Second, my teaching. I’ve taught everything from first-year introductory courses (‘Books and You: Don’t be afraid!’) to final-year honours classes, and everyone from precocious Foucault-reading school-leavers to sullen forty-year-olds with authority issues (and vice versa). I’ve taught tutorials, written lectures, put course handbooks together, refereed student flamewars on WebCT, and right now I’m supervising the dissertation of a student who chose her theoretical approach based on the nifty structure of a course I ran a couple of years ago. I KNOW! Anyway, being a hiring committee you’re no doubt going to hear a lot of bullshit about how people find the huge first-year classes so very rewarding and totally inspiring and not at all below their true station in academic life, so I won’t bore you with the Dead Poets Society spiel, but I will tell you that I mean what I say. If you want to hire someone who’s going to view their career path as one long march towards teaching a single postgraduate class in psychoanalytic representations of the (m)other in illustrated children’s poetry, 1921-1927, then go ahead and hire the twitchy-looking person who just used the word ‘rewarding’; if you want someone who can and will happily teach your first-years, hire me.
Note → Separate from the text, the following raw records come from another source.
(* Let $1\le k\le\infty$ and $\mathbf n=(n_i)$ positive integers such that $\{\ln n_i\}_{1\le i\le k}$ is rationally independent. Then the topological $k$-graph $\Lambda_{\mathbf n}$ satisfies Condition (A).
   Context: $\mathbf n^p=\prod n_i^{p_i}$. $\Lambda_{\mathbf n}=\bigsqcup_{p\in\mathbb N^k}\mathbb T\times\{p\}$ with vertices $\mathbb T\times\{0\}$, $r(z,p)=(z,0)$, $s(z,p)=(z^{\mathbf n^p},0)$, $d(z,p)=p$, composition $(z,p)(z^{\mathbf n^p},q)=(z,p+q)$, topology of a disjoint union of circles. An infinite path in a (topological) $k$-graph $\Lambda$ is a map $\mu$ from $\{(p,q)\in\mathbb N^k\times\mathbb N^k:p\le q\}$ to $\Lambda$ with $d(\mu(p,q))=q-p$ and $\mu(p,q)\mu(q,r)=\mu(p,r)$; its range is $\mu(0,0)$; the shift is $\sigma^m(\mu)(p,q)=\mu(p+m,q+m)$. Condition (A): for every $v\in\Lambda^0$ and every open neighbourhood $V$ of $v$ there exist $v'\in V$ and an infinite path $\mu$ with range $v'$ such that $\sigma^p(\mu)\neq\sigma^q(\mu)$ whenever $p\neq q$. Rationally independent means every finite subfamily is linearly independent over $\mathbb Q$. *)

From Stdlib Require Import Reals QArith Qreals ClassicalEpsilon.
Open Scope R_scope.

(* ---------- The index set {i : 1 <= i <= k}, 1 <= k <= infinity ----------
   We index from 0: k = Some m means indices {0,...,m-1}; k = None means
   k = infinity, indices = all of nat. *)
Definition inI (k : option nat) (i : nat) : Prop :=
  match k with Some m => (i < m)%nat | None => True end.
Definition union (N1 N2 : multipole) : multipole :=
  @Multipole (dart N1 + dart N2)%type (vert N1 + vert N2)%type
    (fun x => match x with
              | inl x1 => omap inl (inc N1 x1)
              | inr x2 => omap inr (inc N2 x2) end)
    (fun x => match x with
              | inl x1 => inl (partner N1 x1)
              | inr x2 => inr (partner N2 x2) end).

(* Junction along a (partial) matching m of free ends: each pair {x, m x}
   of matched semiedges is identified, merging the two edges containing
   them.  The ends of the junction are the unmatched ends; the other end of
   the edge through an unmatched end x is the unique other unmatched end in
   the chain x, partner x, m (partner x), partner (m (partner x)), ... *)
Definition jdart (N : multipole) (m : dart N -> option (dart N)) :=
  sig (fun x : dart N => m x == None).

Definition jrel (N : multipole) (m : dart N -> option (dart N)) : rel (dart N) :=
  fun x y => (y == partner N x) || (m x == Some y).

Definition junction (N : multipole) (m : dart N -> option (dart N)) :
  multipole :=
  @Multipole (jdart m) (vert N)
    (fun x => inc N (val x))
    (fun x => match [pick y : jdart m |
                      (y != x) && connect (jrel m) (val x) (val y)] with
              | Some y => y | None => x end).

(* The gadget used for subdivision: one vertex with three dangling edges.
   Darts (false, i) are at the vertex, (true, i) are free;
   (true,0) and (true,1) are joined to the chosen new edge, (true,2) is r. *)
Definition Ygadget : multipole :=
  @Multipole (bool * 'I_3)%type unit
    (fun x => if x.1 then None else Some tt)
    (fun x => (~~ x.1, x.2)).

Definition TTu (N1 N2 : multipole) : multipole := union (union N1 N2) Ygadget.
(* Let $n\ge 2$ be an integer and let $\mathbf{q}$ be an indeterminate. Let $H$ be the $\mathbb{Z}[\mathbf{q}]$-algebra with generators $T_1,T_2,\dots,T_{n-1}$ and relations $(T_i+1)(T_i-\mathbf{q})=0$ for $i\in[1,n-1]$, $T_iT_{i+1}T_i=T_{i+1}T_iT_{i+1}$ for $i\in[1,n-2]$, and $T_iT_j=T_jT_i$ for $i\ne j$ in $[1,n-1]$ (the Hecke algebra of type $A_{n-1}$). Set $$\tau=T_1T_2\cdots T_{n-1}+T_2T_3\cdots T_{n-1}+\dots+T_{n-2}T_{n-1}+T_{n-1}+1\in H.$$ Then the following equality holds in $H$: $$\tau\prod_{k\in[1,n],\,k\ne n-1}\bigl(\tau-1-\mathbf{q}-\mathbf{q}^2-\dots-\mathbf{q}^{k-1}\bigr)=0.$$
   Context: For integers $a,b$, $[a,b]$ denotes the set of integers $c$ with $a\le c\le b$. The factors in the product commute since they are polynomials in $\tau$. *)

From HB Require Import structures.
From mathcomp Require Import all_boot all_order all_algebra.
Set Implicit Arguments. Unset Strict Implicit. Unset Printing Implicit Defensive.
Import GRing.Theory.
Local Open Scope ring_scope.

(* Hecke algebra relations of type A_{n-1} for elements T 1, ..., T (n-1) of a
   {poly int}-algebra A (i.e. a Z[q]-algebra, q := 'X%:A).  The Hecke algebra H
   is the universal such algebra, so an identity holds in H iff it holds for
   every family satisfying these relations in every Z[q]-algebra. *)
Definition hecke_rel (A : algType {poly int}) (n : nat) (T : nat -> A) : Prop :=
  let q : A := 'X%:A in
  [/\ (forall i, (1 <= i <= n.-1)%N -> (T i + 1) * (T i - q) = 0),
      (forall i, (1 <= i <= n - 2)%N -> T i * T i.+1 * T i = T i.+1 * T i * T i.+1)
    & (forall i j, (1 <= i <= n.-1)%N -> (1 <= j <= n.-1)%N -> (i + 1 < j)%N ->
         T i * T j = T j * T i)].

Definition hecke_tau (A : algType {poly int}) (n : nat) (T : nat -> A) : A :=
  \sum_(1 <= i < n) (\prod_(i <= j < n) T j) + 1.

From HB Require Import structures.
From mathcomp Require Import all_boot all_order all_algebra.
From mathcomp Require Import zify.
Set Implicit Arguments. Unset Strict Implicit. Unset Printing Implicit Defensive.
Import GRing.Theory.
Local Open Scope ring_scope.

(* Write tau_n := hecke_tau n T, so that tau_1 = 1 and tau_(k+1) = 1 + tau_k T_k,
   [m] := 1 + q + ... + q^(m-1), and Y_(n,m) := tau_n tau_(n-1) ... tau_(n-m+1).
   The quadratic and braid relations give tau_k tau_(k-1) T_(k-1) = q tau_k tau_(k-1),
   and with it an induction on m yields Y_(n,m) (tau_n - [m]) = q^m Y_(n,m+1).
   Since [0] = 0, the factor tau_n is the k = 0 factor, and the product over k < m
   of (tau_n - [k]) equals q^(m choose 2) Y_(n,m).  Finally Y_(n,n) = Y_(n,n-1) tau_1
   = Y_(n,n-1), so tau_n - [n] = tau_n - [n-1] - q^(n-1) annihilates Y_(n,n-1). *)

Definition qnat (m : nat) : {poly int} := \sum_(j < m) 'X^j.

Lemma qnat0 : qnat 0 = 0.
Proof. exact: big_ord0. Qed.

Lemma qnatS m : qnat m.+1 = 1 + 'X * qnat m.
Proof.
rewrite /qnat big_ord_recl expr0 mulr_sumr.
by congr (_ + _); apply: eq_bigr => i _; rewrite exprS.
Qed.

Lemma qnatSr m : qnat m.+1 = qnat m + 'X^m.
Proof. exact: big_ord_recr. Qed.

Lemma alg_qnat (A : algType {poly int}) m :
  (qnat m)%:A = \sum_(j < m) ('X%:A : A) ^+ j.
Proof. by rewrite scaler_suml; apply: eq_bigr => j _; rewrite exprZn expr1n. Qed.

Lemma braid_mulB (R : pzRingType) (r s q : R) :
  r * s * r = s * r * s -> GRing.comm q r -> GRing.comm q s ->
  r * s * (r - q) = (s - q) * (r * s).
Proof.
move=> rsr qr qs; rewrite mulrBr mulrBl rsr !mulrA; congr (_ - _).
by rewrite -[LHS]mulrA -qs [LHS]mulrA -qr.
Qed.

Section HeckeTau.

Variables (A : algType {poly int}) (T : nat -> A).

Local Notation tau n := (hecke_tau n T).

Definition tau_falling (n m : nat) : A := \prod_(i < m) tau (n - i).

Local Notation Y := tau_falling.

Lemma tau_le1 n : (n <= 1)%N -> tau n = 1.
Proof. by move=> n_le1; rewrite /hecke_tau big_geq // add0r. Qed.

Lemma tauS k : (0 < k)%N -> tau k.+1 = 1 + tau k * T k.
Proof.
move=> k_gt0; rewrite /hecke_tau big_nat_recr //= big_nat1.
rewrite mulrDl mul1r mulr_suml [LHS]addrC; congr (1 + (_ + _)).
by apply: eq_big_nat => i /andP[_ lt_ik]; rewrite big_nat_recr //= ltnW.
Qed.

Lemma tau_fallingS n m : Y n m.+1 = tau n * Y n.-1 m.
Proof.
rewrite /tau_falling big_ord_recl subn0; congr (_ * _).
by apply: eq_bigr => i _; rewrite subnS -subn1 subnAC subn1.
Qed.

Lemma tau_fallingSr n m : Y n m.+1 = Y n m * tau (n - m).
Proof. exact: big_ord_recr. Qed.

Variable N : nat.
Hypothesis Tquad : forall i, (1 <= i <= N.-1)%N -> (T i + 1) * (T i - 'X%:A) = 0.
Hypothesis Tbraid : forall i, (1 <= i <= N - 2)%N ->
  T i * T i.+1 * T i = T i.+1 * T i * T i.+1.
Hypothesis Tcomm : forall i j, (1 <= i <= N.-1)%N -> (1 <= j <= N.-1)%N ->
  (i + 1 < j)%N -> T i * T j = T j * T i.

Lemma comm_T_tau j k : (k < j <= N.-1)%N -> GRing.comm (T j) (tau k).
Proof.
move=> /andP[lt_kj le_jN]; apply: commrD; last exact: commr1.
rewrite big_nat_cond; apply: commr_sum => i /andP[/andP[i_gt0 _] _].
rewrite big_nat_cond; apply: commr_prod => l /andP[/andP[le_il lt_lk] _].
by apply/commr_sym/Tcomm; lia.
Qed.

Lemma comm_T_tau_falling j n m : (n < j <= N.-1)%N -> GRing.comm (T j) (Y n m).
Proof. by move=> hj; apply: commr_prod => i _; apply: comm_T_tau; lia. Qed.

Lemma tau_tau_mulTBq k : (k.+2 <= N)%N ->
  tau k.+2 * tau k.+1 * (T k.+1 - 'X%:A) = 0.
Proof.
elim: k => [|k IHk] hk.
  by rewrite tauS // !tau_le1 // !mul1r mulr1 addrC; apply: Tquad; lia.
set r := T k.+2; set s := T k.+1 in IHk *; set u := tau k.+2 in IHk *.
have u_def : u = 1 + tau k.+1 * s by rewrite /u tauS.
have rsr : r * s * (r - 'X%:A) = (s - 'X%:A) * (r * s).
  by apply: braid_mulB; [rewrite /r /s Tbraid //; lia | exact: comm_alg ..].
(* braiding turns r s (r - q) into (s - q) r s, exposing the induction hypothesis *)
have cross : u * r * (tau k.+1 * s) * (r - 'X%:A) = 0.
  have rt : r * tau k.+1 = tau k.+1 * r by apply: comm_T_tau; lia.
  rewrite !mulrA -(mulrA u r) rt -!mulrA [r * (s * _)]mulrA rsr !mulrA.
  by rewrite IHk ?mul0r //; lia.
rewrite tauS // -/u -/r mulrDl mul1r mulrDl {3}u_def [u * r * _]mulrDr mulr1.
rewrite mulrDl cross addr0 -mulrA -{1}[r - _]mul1r -mulrDr -mulrDl [1 + r]addrC.
by rewrite Tquad ?mulr0 //; lia.
Qed.

Lemma tau_falling_mulT n m : (n.+2 <= N)%N ->
  Y n.+2 m.+2 * T n.+1 = 'X *: Y n.+2 m.+2.
Proof.
move=> hn; have /eqP := tau_tau_mulTBq hn.
rewrite mulrBr subr_eq0 mulr_algr => /eqP ttT.
have YT : Y n m * T n.+1 = T n.+1 * Y n m.
  by symmetry; apply: comm_T_tau_falling; lia.
by rewrite !tau_fallingS /= !mulrA -(mulrA _ (Y n m)) YT mulrA ttT -!scalerAl.
Qed.

Lemma tau_falling_mul_tau n m : (m < n <= N)%N ->
  Y n m * tau n = qnat m *: Y n m + 'X^m *: Y n m.+1.
Proof.
elim: m n => [|m IHm] n hmn.
  by rewrite /tau_falling big_ord1 !big_ord0 subn0 qnat0 scale0r add0r scale1r mul1r.
case: n hmn => [|[|n]] // hmn.
have IH : Y n.+2 m.+1 * tau n.+1 = qnat m *: Y n.+2 m.+1 + 'X^m *: Y n.+2 m.+2.
  by rewrite !(tau_fallingS n.+2) /= -mulrA IHm ?mulrDr -?scalerAr //; lia.
have qT : qnat m *: (Y n.+2 m.+1 * T n.+1) = ('X * qnat m) *: Y n.+2 m.+1.
  case: m {IHm IH} hmn => [|m] hmn; first by rewrite qnat0 mulr0 !scale0r.
  by rewrite tau_falling_mulT ?scalerA ?(mulrC 'X) //; lia.
rewrite tauS // mulrDr mulr1 mulrA IH mulrDl -!scalerAl tau_falling_mulT; last lia.
by rewrite qT scalerA -exprSr qnatS scalerDl scale1r addrA.
Qed.

Lemma prod_tau_sub_qnat n m : (m <= n <= N)%N ->
  \prod_(k < m) (tau n - (qnat k)%:A) = 'X^('C(m, 2)) *: Y n m.
Proof.
elim: m => [|m IHm] hmn; first by rewrite /tau_falling !big_ord0 expr0 scale1r.
rewrite big_ord_recr /= IHm; last lia.
rewrite -scalerAl mulrBr tau_falling_mul_tau; last lia.
by rewrite mulr_algr addrAC subrr add0r scalerA -exprD binS bin1.
Qed.

Lemma tau_falling_mul_tau_sub_qnat : (0 < N)%N ->
  Y N N.-1 * (tau N - (qnat N)%:A) = 0.
Proof.
move=> N_gt0.
have YN : Y N N = Y N N.-1.
  have := tau_fallingSr N N.-1; rewrite prednK // => ->.
  by rewrite tau_le1 ?mulr1 //; lia.
rewrite mulrBr tau_falling_mul_tau; last lia.
by rewrite prednK // YN mulr_algr -scalerDl -qnatSr prednK // subrr.
Qed.

End HeckeTau.

Theorem proposition2 (n : nat) (A : algType {poly int}) (T : nat -> A) :
  (2 <= n)%N -> hecke_rel n T ->
  hecke_tau n T *
    \prod_(1 <= k < n.+1 | k != n.-1)
       (hecke_tau n T - \sum_(j < k) ('X%:A : A) ^+ j) = 0.
Proof.
case: n => [|[|n]] // _ [Tquad Tbraid Tcomm].
under eq_bigr => k _ do rewrite -alg_qnat.
rewrite big_mkcond big_nat_recr //= big_nat_recr //= eqxx gtn_eqF //= mulr1.
rewrite (@eq_big_nat _ _ _ 1 n.+1 _ (fun k => hecke_tau n.+2 T - (qnat k)%:A));
  last by move=> k /andP[_ lt_kn]; rewrite ltn_eqF.
have tau_sub_qnat0 : hecke_tau n.+2 T = hecke_tau n.+2 T - (qnat 0)%:A.
  by rewrite qnat0 scale0r subr0.
rewrite {1}tau_sub_qnat0 mulrA -big_ltn // big_mkord.
rewrite (prod_tau_sub_qnat Tquad Tbraid Tcomm); last lia.
by rewrite -scalerAl (tau_falling_mul_tau_sub_qnat Tquad Tbraid Tcomm) // scaler0.
Qed.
Thirdly, my ability to play nicely with other children. Okay, take a look around your department. You have PhD students? You have a PhD student who always turns up to help with all the boring department tasks like clearing up after parties, who’s always there to fill in seats any time the ‘we look bad, get down here now’ mass e-mail goes around about poor staff attendance at department seminars, who will never cause you heartache? That was me. Admittedly, by now I think my department would pay you to take me away, but the fact that I coped so quietly and so sweetly for so long in a department that can simultaneously complain about PhD students not showing any kind of interest in the running of the department and about TAs having the temerity to speak during department meetings remains a mark in my favour, I think. Also, I’ve worked on a bunch of conferences, can make it across a whole building in 1.2 seconds with a data projector under one arm, am adept at the kind of networking that involves juggling comments like “Let me introduce you to someone who might be interested in that project” with comments like “And your wife doesn’t understand you, right?” at the same event, got the administration to Do Something about various things, and resisted the urge to punch someone in the throat for telling me, while I was doing four jobs and a PhD, that these would be the best days of my academic life because all I had to think about was my thesis. Also, I take up very little space and don’t mind having an office without a window.

Yours in begging, pleading, get-me-out-of-this-dysfunctional-snakepit despair,

September Blue.

2 comments

  1. phd me Says:
  2. I would so write you a reference if you submitted that letter.

     
  3. post-doc Says:
  4. Too Delightful For Words! I loved so many lines in this post, I almost can't stand it.